Generate multiple conformers with RMS pruning:
params = EmbedParameters.etkdg()
params.random_seed = 123
params.num_threads = 1
params.prune_rms_thresh = 0.5
params.enable_sequential_random_seeds = True
conformers = mol.with_3d_conformers(5, params)
print(conformers.num_conformers())
Optimize an existing 3D conformer with UFF:
mol = Molecule.read_sdf("input_3d.sdf", coordinate_dim="3d")
if mol.has_uff_params():
result = mol.with_uff_optimized(max_iters=200)
optimized = result.molecule()
print(not result.needs_more())
print(result.status_code())
print(result.energy())
print(optimized.coordinates_3d().shape)
if mol.has_mmff_params():
result = mol.with_mmff_optimized(mmff_variant="MMFF94", max_iters=200)
print(not result.needs_more())
print(result.status_code())
Generate a Morgan fingerprint:
fp = Molecule.from_smiles("c1ccccc1O").fingerprint_morgan(
radius=2,
n_bits=2048,
)
print(fp.n_bits())
print(fp.on_bits())
on_bits() returns the sparse bit indexes set inside the fixed-length binary
fingerprint. It is not a dense neural embedding.
Parse SMARTS metadata:
import cosmolkit
query = cosmolkit.parse_smarts("[#6]-O")
print(query.num_atoms())
print(query.num_bonds())
parse_smarts() returns a SmartsMolecule parse tree value. Direct SMARTS
query matching is not yet a Python API.
Process a list of molecules:
from cosmolkit import BatchErrorMode, MoleculeBatch
batch = MoleculeBatch.from_smiles_list(
["CCO", "c1ccccc1", "not-smiles"],
errors=BatchErrorMode.KEEP,
).with_parallel_jobs(8)
for error in batch.errors():
print(error.index(), error.operation(), error.message())

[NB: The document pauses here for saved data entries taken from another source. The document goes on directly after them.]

Lemma D_eventually_gt (a b : nat -> G) :
  (forall x, wconv (fun n => D (a n) x) (f x)) ->
  (forall x, wconv (fun n => D (b n) x) (g x)) ->
  forall t e, 0 < e -> exists N, forall n m, (N <= n)%nat -> (N <= m)%nat ->
    L t - e < D (a n) (b m) t.
Proof.
  intros Haf Hbg t e He.
  destruct HG as ((Hin & _) & HD & _ & Hsym & Htri).
  assert (HG_inh : inhabited G) by exact (inhabits (a 0%nat)).
  destruct (psup_approx _ _ HG_inh star_f_g_in_Dplus t (e / 2)) as [x Hx]; [lra|].
  apply eventually2_of_subseqs. intros phi psi Hphi Hpsi.
  assert (Hb' : wconv (fun k => D x (b (psi k))) (g x)).
  { replace (fun k => D x (b (psi k))) with (fun k => D (b (psi k)) x)
      by (apply functional_extensionality; intro k; apply Hsym).
    apply (wconv_subseq (fun n => D (b n) x)); auto. }
  pose proof (star_cont _ _ _ _ (fun k => HD _ _) (fun k => HD _ _) (proj1 Hf x) (proj1 Hg x)
                (wconv_subseq _ _ _ Hphi (Haf x)) Hb') as Hconv.
  destruct (wconv_eventually_gt _ _ (fun k => Hin _ _ (HD _ _) (HD _ _)) (star_f_g_in_Dplus x)
              Hconv t (e / 2)) as [K HK]; [lra|].
  exists K. intros k Hk. specialize (HK k Hk).
  pose proof (Htri (a (phi k)) x (b (psi k)) t). lra.
Qed.

Lemma D_eventually_lt (a b : nat -> G) :
  cauchy_seq D a -> cauchy_seq D b ->
  (forall x, wconv (fun n => D (a n) x) (f x)) ->
  (forall x, wconv (fun n => D (b n) x) (g x)) ->
  forall t, continuity_pt L t -> forall e, 0 < e ->
  exists N, forall n m, (N <= n)%nat -> (N <= m)%nat -> D (a n) (b m) t < L t + e.
Proof.
  intros Ha Hb Haf Hbg t Ht e He.
  pose proof HG as (Htf & HD & _ & Hsym & _).
  pose proof Htf as (Hin & _ & Hassoc & Hmono & _).
  destruct Hf as [Hfin Hflip], Hg as [Hgin _].
  assert (HG_inh : inhabited G) by exact (inhabits (a 0%nat)).
  apply eventually2_of_subseqs. intros phi psi Hphi Hpsi.
  apply (eventually_lt_of_star_le star Htf star_cont L
           (fun k => D (a (phi k)) (b (psi k))) (fun k => star (f (a (phi k))) (g (b (psi k))))).
  - exact (psup_in_Dplus _ _ HG_inh star_f_g_in_Dplus).
  - intro k. apply HD.
  - intro k. apply Hin; auto.
  - rewrite <- (star_H0_r star Htf H0 H0_in_Dplus).
    apply star_cont; auto using H0_in_Dplus.
    + apply (wconv_subseq (fun n => f (a n))); [exact Hphi|].
      exact (wconv_generated_H0 G D f a HD Hfin Ha Haf).
    + apply (wconv_subseq (fun n => g (b n))); [exact Hpsi|].
      exact (wconv_generated_H0 G D g b HD Hgin Hb Hbg).
  - intros k s. cbn beta.
    rewrite <- Hassoc, (Hsym (a (phi k))) by auto.
    pose proof (Hmono _ _ (g (b (psi k))) (Hin _ _ (HD _ _) (Hfin _)) (Hfin _) (Hgin _)
                  (Hflip (b (psi k)) (a (phi k))) s).
    pose proof (psup_ge _ _ HG_inh star_f_g_in_Dplus (b (psi k)) s). lra.
  - exact Ht.
  - exact He.
Qed.

Lemma wconv2_D_psup (a b : nat -> G) :
  cauchy_seq D a -> cauchy_seq D b ->
  (forall x, wconv (fun n => D (a n) x) (f x)) ->
  (forall x, wconv (fun n => D (b n) x) (g x)) ->
  wconv2 (fun n m => D (a n) (b m)) L.
Proof.
  intros Ha Hb Haf Hbg t Ht e He.
  destruct (D_eventually_gt a b Haf Hbg t e He) as [N1 HN1].
  destruct (D_eventually_lt a b Ha Hb Haf Hbg t Ht e He) as [N2 HN2].
  exists (max N1 N2). intros n m Hn Hm.
  specialize (HN1 n m ltac:(lia) ltac:(lia)). specialize (HN2 n m ltac:(lia) ltac:(lia)).
  apply Rabs_def1; lra.
Qed.

Lemma wconv_f_psup (a b : nat -> G) :
  cauchy_seq D b ->
  (forall x, wconv (fun n => D (a n) x) (f x)) ->
  (forall x, wconv (fun n => D (b n) x) (g x)) ->
  wconv (fun m => f (b m)) L.
Proof.
  intros Hb Haf Hbg t Ht e He.
  pose proof HG as (Htf & HD & _).
  destruct Hf as [Hfin _], Hg as [Hgin _].
  assert (HG_inh : inhabited G) by exact (inhabits (a 0%nat)).
  pose proof (psup_in_Dplus _ _ HG_inh star_f_g_in_Dplus) as HL.
  destruct (eventually_lt_of_star_le star Htf star_cont L (fun m => f (b m)) (fun m => g (b m))
              HL (fun m => Hfin _) (fun m => Hgin _) (wconv_generated_H0 G D g b HD Hgin Hb Hbg)
              (fun m s => psup_ge _ _ HG_inh star_f_g_in_Dplus (b m) s) t Ht e He)
    as [K1 HK1].
  destruct HL as (_ & _ & HLlc & _).
  destruct (HLlc t (e / 2)) as [d [Hd Hl]]; [lra|].
  set (s := t - d / 2).
  assert (HLs : L t - e / 2 < L s) by (specialize (Hl s ltac:(unfold s; lra) ltac:(unfold s; lra));
                                      apply Rabs_def2 in Hl; lra).
  destruct (D_eventually_gt a b Haf Hbg s (e / 2)) as [N HN]; [lra|].
  exists (max K1 N). intros m Hm. specialize (HK1 m ltac:(lia)).
  assert (L s - e / 2 <= f (b m) t).
  { apply (wconv_ge (fun n => D (a n) (b m)) (f (b m)) (fun n => HD _ _) (Hfin _) (Haf _) s);
      [unfold s; lra|].
    exists N. intros n Hn. left. apply HN; lia. }
  unfold Rdist. apply Rabs_def1; lra.
Qed.
Theorem theorem3 (R : realType) (S : finType) (m T : nat) (Sterm : {set S})
  (p : S -> 'rV[R]_m -> S -> R) (r : S -> 'rV[R]_m -> R)
  (beta : R) (rho : S -> R) (theta : S -> 'rV[R]_m) :
  beta != 0 ->
  (forall s a s', 0 <= p s a s') ->
  (forall s a, \sum_(s' : S) p s a s' = 1) ->
  (forall s s', C1 (fun a => p s a s')) ->
  (forall s, C1 (r s)) ->
  (forall s a, s \in Sterm -> r s a = 0) ->
  (forall s a, s \in Sterm -> \sum_(s' in Sterm) p s a s' = 1) ->
  (forall (w : {ffun 'I_T.+1 -> S}) (a : 'I_T -> 'rV[R]_m),
     (forall t : 'I_T, 0 < p (w (widen_ord (leqnSn T) t)) (a t) (w (lift ord0 t))) ->
     w ord_max \in Sterm) ->
  (forall s, 0 <= rho s) ->
  exists eps : R, 0 < eps /\
    forall alpha : R, 0 < alpha < eps ->
      let theta' := fun s => theta s + alpha *: gpg T p r beta rho theta s in
      forall s : S,
        Vsoft T p r beta (mu_of theta) s <= Vsoft T p r beta (mu_of theta') s.
Proof.
move=> beta_neq0 p_ge0 psum p_C1 r_C1 r_term p_term paths_term rho_ge0.
have ascent s : \forall h \near (0 : R)^', 0 < h ->
    Qsoft T p r beta theta s (theta s) <=
    Qsoft T p r beta theta s (theta s + h *: gpg T p r beta rho theta s).
  apply: gradient_ascent (rho_ge0 s).
  by apply: differentiable_Qsoft => // [s'|]; [exact: (p_C1 s s').1 | exact: (r_C1 s).1].
have [eps eps_gt0 ascent_eps] := near_dnbhs0_interval (filter_forall _ ascent).
have expQ_pos n mu s a : 0 < expQ p r beta (expV p r beta n mu) s a.
  by apply: expQ_gt0 => // s'; exact: expV_gt0.
exists eps; split => // alpha alpha_in theta' s.
have improves_step s' : soft_ge beta (expQ p r beta (expV p r beta T theta) s' (theta' s'))
                                     (expQ p r beta (expV p r beta T theta) s' (theta s')).
  have := ascent_eps alpha alpha_in s' (proj1 (andP alpha_in)).
  by rewrite !(QsoftE _ _ psum) /= ler_ln_div.
rewrite /Vsoft !(QsoftE _ _ psum) /= ler_ln_div //.
exact: (expV_improve psum p_ge0 r_term p_term improves_step (leqnn T) (absorbed_everywhere paths_term s)).
Qed.
(* Let $p$ be a prime and $G$ a $p$-group of order $p^m$ with $|G/Z(G)|=p^3$. (1) If $G$ has no abelian maximal subgroup, then $$B_G(t)=\frac{1-p^{m-5}t}{(1-p^{m-2}t)(1-p^{m-3}t)}.$$ (2) If $G$ possesses an abelian maximal subgroup, then $$B_G(t)=\frac{1}{1-p^{m-3}t}\left(1+\frac{(p^{m-2}-p^{m-4})t}{1-p^{m-1}t}+\frac{(p^{m-2}-p^{m-3})t}{1-p^{m-2}t}\right).$$
   Context: For a finite group $G$ and $n\ge0$, let $G^{(n)}=\{(x_1,\dots,x_n)\in G^n: x_ix_j=x_jx_i\ \forall i,j\}$, on which $G$ acts by simultaneous conjugation; let $\beta_{G,n}$ be the number of orbits and $B_G(t)=\sum_{n\ge0}\beta_{G,n}t^n$, viewed as a rational function of $t$. *)

From HB Require Import structures.
From mathcomp Require Import all_boot all_order all_algebra all_fingroup all_solvable.
Set Implicit Arguments. Unset Strict Implicit. Unset Printing Implicit Defensive.
Import GRing.Theory Num.Theory.

Local Open Scope group_scope.

Definition tconj (gT : finGroupType) (n : nat) (x : {ffun 'I_n -> gT}) (g : gT)
  : {ffun 'I_n -> gT} := [ffun i => x i ^ g].

Definition commuting_tuples (gT : finGroupType) (G : {set gT}) (n : nat)
  : {set {ffun 'I_n -> gT}} :=
  [set x : {ffun 'I_n -> gT} | [forall i, x i \in G] &&
                               [forall i, forall j, x i * x j == x j * x i]].

Definition tconj_orbit (gT : finGroupType) (G : {set gT}) (n : nat)
  (x : {ffun 'I_n -> gT}) : {set {ffun 'I_n -> gT}} :=
  [set tconj x g | g in G].

Definition beta (gT : finGroupType) (G : {set gT}) (n : nat) : nat :=
  #|[set tconj_orbit G x | x in commuting_tuples G n]|.

Local Open Scope ring_scope.

Definition fps := nat -> rat.
Definition fps_add (a b : fps) : fps := fun n => a n + b n.
Definition fps_mul (a b : fps) : fps :=
  fun n => \sum_(i < n.+1) a i * b (n - i)%N.
Definition fps_of_poly (q : {poly rat}) : fps := fun n => q`_n.
(* the power series expansion of 1/(1 - a t) *)
Definition fps_geom (a : rat) : fps := fun n => a ^+ n.

Definition Bseries (gT : finGroupType) (G : {set gT}) : fps :=
  fun n => (beta G n)%:R.

Definition pz (p : nat) (k : int) : rat := (p%:R : rat) ^ k.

prepared = batch.with_2d_coordinates(errors=BatchErrorMode.KEEP)
fingerprints = prepared.fingerprint_morgan_list(n_bits=2048)

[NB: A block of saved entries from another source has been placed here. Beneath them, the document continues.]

(* In the setting of the standard presentation of $\mathbb{A}_{\Gamma,u,k}$, let $w\in W$ be adjacent to $u$ with $e=\{u,w\}$, $m_e=2\ell_e$, and assume $\ell_e\equiv 0\pmod k$. Let $M_{B(w,u)}$ be the $k\times(k+1)$ matrix of Fox derivatives, evaluated in $\Lambda=\mathbb{C}[H_1(\mathbb{A}_{\Gamma,u,k})]$, of the $k$ relations (RB) for $w$ with respect to $w_0,\dots,w_{k-1},\bar u$. Let $\mathfrak p\subset\Lambda$ be the ideal generated by $1-t_{\bar u}t_{w,0}t_{w,1}\cdots t_{w,k-1}$, where $t_{\bar u},t_{w,i}$ are the homology classes of $\bar u,w_i$. Then $M_{B(w,u)}\otimes\Lambda/\mathfrak p$ has rank $1$.
   Context: Setting: $\Gamma=(V,E,m)$ finite simple graph with even labels $m_e=2\ell_e$; $\mathbb{A}_\Gamma=\langle V\mid (xy)^{\ell_e}=(yx)^{\ell_e},\ \{x,y\}\in E\rangle$. For $u\in V$, $k\ge2$, $\mathbb{A}_{\Gamma,u,k}=\ker(\mathbb{A}_\Gamma\to\mathbb{Z}_k,\ u\mapsto1,\ v\mapsto0\ (v\ne u))$. $V_{2,u}$ = vertices joined to $u$ by an edge of label 2, $W=V\setminus(\{u\}\cup V_{2,u})$. Standard presentation generators: $\bar u=u^k$, $v\in V_{2,u}$, $w_i=u^iwu^{-i}$ ($w\in W$, $0\le i<k$). The relations (RB) for $w\in W$ adjacent to $u$: for $0\le i<k$, $W_i\cdots W_{i+\ell_e-1}=W_{i+1}\cdots W_{i+\ell_e}$ with $W_j=\bar u^qw_s\bar u^{-q}$ for $j=qk+s$, $0\le s<k$. $H_1(\mathbb{A}_{\Gamma,u,k})$ is free abelian and when $k\mid\ell_e$ the classes $t_{\bar u},t_{w,0},\dots,t_{w,k-1}$ are independent; $\mathfrak p$ is prime and rank over $\Lambda/\mathfrak p$ means rank over its fraction field. Fox derivatives of $A=B$ are those of $AB^{-1}$. *)

From HB Require Import structures.
From mathcomp Require Import all_boot all_order all_algebra.
From mathcomp Require Import fraction.
Set Implicit Arguments. Unset Strict Implicit. Unset Printing Implicit Defensive.
Import Order.TTheory GRing.Theory Num.Theory.
Local Open Scope ring_scope.

Notation tofrac := (@FracField.tofrac _).

(* RF F n = F(y_0,...,y_{n-1}), built as iterated fraction fields of
   univariate polynomial rings.  The Laurent polynomial ring
   F[y_0^{+-1},...,y_{n-1}^{+-1}] is the subring [laurent] below. *)
Fixpoint RF (F : fieldType) (n : nat) : fieldType :=
  match n with
  | 0 => F
  | n'.+1 => {fraction {poly RF F n'}}
  end.

Fixpoint cst (F : fieldType) (n : nat) : F -> RF F n :=
  match n return F -> RF F n with
  | 0 => fun c => c
  | n'.+1 => fun c => tofrac ((cst n' c)%:P)
  end.

(* the variable y_i in RF F n (y_i = 0 if i >= n, never used) *)
Fixpoint var (F : fieldType) (n : nat) (i : nat) : RF F n :=
  match n return RF F n with
  | 0 => 0
  | n'.+1 => if i == n' then tofrac ('X : {poly RF F n'})
             else tofrac ((var F n' i)%:P)
  end.

Definition laurent (F : fieldType) (n : nat) (g : RF F n) : Prop :=
  exists s : seq (F * {ffun 'I_n -> int}),
    g = \sum_(c <- s) cst n c.1 * \prod_(i < n) (var F n i) ^ (c.2 i).

(* A word is a list of letters (generator, sign); sign true = x, false = x^-1. *)
Definition word (G : Type) := seq (G * bool).

Definition inv_word (G : Type) (w : word G) : word G :=
  rev [seq (x.1, ~~ x.2) | x <- w].

(* Fox derivative d w / d x, evaluated under a map t sending each generator to
   an invertible element of a field R (here the generators' homology classes):
   d(y w') = d y + t(y) d w',  d y = [y = x],  d(y^-1) = - [y = x] t(y)^-1. *)
Fixpoint fox (G : eqType) (R : fieldType) (t : G -> R) (x : G) (w : word G)
  : R :=
  match w with
  | [::] => 0
  | (y, b) :: w' =>
      (if b then (y == x)%:R else - ((y == x)%:R * (t y)^-1))
      + (if b then t y else (t y)^-1) * fox t x w'
  end.

Definition fox_rel (G : eqType) (R : fieldType) (t : G -> R) (x : G)
  (A B : word G) : R := fox t x (A ++ inv_word B).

print(prepared.valid_mask())
print(prepared.to_smiles_list(canonical=True))
print([mol.to_smiles() if mol is not None else None for mol in prepared])
print([fp.on_bits() if fp is not None else None for fp in fingerprints])
MoleculeBatch preserves input order. When errors="keep" or
BatchErrorMode.KEEP is used, invalid records stay aligned with their input
positions and appear as None in molecule-valued outputs.